- EXERCISE GOAL: Below are some records. Copy every line in them that holds "first".
START RECORD EXTRACTS
Lemma maximal_cone_above sigma : sigma \in F ->
  exists2 tau, maximal_cone F tau & sigma \subset tau.
Proof.
move=> sigmaF.
pose P := [pred tau : {set 'I_n} | (tau \in F) && (sigma \subset tau)].
have P_sigma : P sigma by rewrite /= sigmaF subxx.
case: (arg_maxnP (fun tau : {set 'I_n} => #|tau|) P_sigma).
move=> tau /andP [tauF sub] tau_max.
exists tau => //; split=> // tau' tau'F sub'.
apply/eqP; rewrite eq_sym eqEcard sub' /=; apply: tau_max.
by rewrite /= tau'F (subset_trans sub sub').
Qed.

Lemma sum_dotd_ucoord (c : 'I_n -> R) (m : 'I_d -> R) :
  \sum_(rho < n) c rho * dotd m (ucoord u rho) =
  dotd m (fun i => \sum_(rho < n) c rho * ucoord u rho i).
Proof.
rewrite /dotd; under eq_bigr do rewrite mulr_sumr.
rewrite exchange_big /=; apply: eq_bigr => i _; rewrite mulr_sumr.
by apply: eq_bigr => rho _; ring.
Qed.

(* [phi rho = a rho + <m_sigma, u_rho>] is the slack of the support function
   of [D] on the maximal cone [sigma]. *)
Lemma ample_slack a sigma : ample u F a -> maximal_cone F sigma ->
  exists phi : 'I_n -> R,
    [/\ forall rho, rho \in sigma -> phi rho = 0,
        forall rho, rho \notin sigma -> 0 < phi rho &
        forall v, inGammaR u v -> pairing a v = \sum_(rho < n) v rho * phi rho].
Proof.
move=> a_ample sigma_max; have [m [m_in m_out]] := a_ample sigma sigma_max.
exists (fun rho => a rho + dotd m (ucoord u rho)); split.
- by move=> rho /m_in ->; rewrite subrr.
- by move=> rho /m_out; rewrite -subr_gt0 opprK addrC.
move=> v v_gamma.
have m_v : \sum_(rho < n) v rho * dotd m (ucoord u rho) = 0.
  by rewrite sum_dotd_ucoord /dotd big1 // => i _; rewrite v_gamma mulr0.
under eq_bigr do rewrite mulrDr.
by rewrite big_split /= m_v addr0; apply: eq_bigr => rho _; rewrite mulrC.
Qed.

Lemma ample_pairing_ge0 a sigma v : ample u F a -> maximal_cone F sigma ->
  inGammaR u v -> (forall rho, v rho < 0 -> rho \in sigma) -> 0 <= pairing a v.
Proof.
move=> a_ample sigma_max v_gamma v_neg.
have [phi [phi0 phi_gt0 ->]] := ample_slack a_ample sigma_max; last by [].
apply: sumr_ge0 => rho _; have [rho_sigma | rho_sigma] := boolP (rho \in sigma).
  by rewrite phi0 ?mulr0.
apply: mulr_ge0; last exact/ltW/phi_gt0.
by rewrite leNgt; apply: contra rho_sigma => /v_neg.
Qed.

(* The relation [sum_(rho in C) u_rho = sum_rho c_rho u_rho] with [c] supported
   on a cone gives a vector of [Gamma(G)] that is negative on [D]. *)
Lemma primitive_collection_neg_direction a C :
  complete_fan u F -> ample u F a -> primitive_collection F C ->
  exists2 v0, inGammaR u v0 /\ (forall rho, rho \notin C -> 0 <= v0 rho) &
              pairing a v0 < 0.
Proof.
move=> F_complete a_ample [C_notin _].
pose ind rho : R := (rho \in C)%:R.
have [s sF [c [c_ge0 [c_out c_sum]]]] :=
  F_complete (fun i => \sum_(rho < n) ind rho * ucoord u rho i).
have [s' s'_max ss'] := maximal_cone_above sF.
have [phi [phi0 phi_gt0 a_slack]] := ample_slack a_ample s'_max.
have [r0 r0C r0s'] := subsetPn (C_notin s' (proj1 s'_max)).
exists (fun rho => c rho - ind rho); first split.
- move=> i; under eq_bigr do rewrite mulrBl.
  by rewrite sumrB -c_sum subrr.
- by move=> rho rhoC; rewrite /ind (negbTE rhoC) subr0.
rewrite a_slack; last first.
  by move=> i; under eq_bigr do rewrite mulrBl; rewrite sumrB -c_sum subrr.
have term_le0 rho : (c rho - ind rho) * phi rho <= 0.
  have [rho_s' | rho_s'] := boolP (rho \in s'); first by rewrite phi0 ?mulr0.
  rewrite c_out; last by apply: contra rho_s'; apply: (subsetP ss').
  by rewrite sub0r mulNr oppr_le0 mulr_ge0 ?ler0n // ltW ?phi_gt0.
rewrite (bigD1 r0) //= -[X in _ < X](addr0 0) ltr_leD ?sumr_le0 //.
rewrite c_out; last by apply: contra r0s'; apply: (subsetP ss').
by rewrite /ind r0C sub0r mulN1r oppr_lt0 phi_gt0.
Qed.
END RECORD EXTRACTS
- EXPECTED OUTPUT:
exists (fun rho => c rho - ind rho); first split.
rewrite a_slack; last first.
  have [rho_s' | rho_s'] := boolP (rho \in s'); first by rewrite phi0 ?mulr0.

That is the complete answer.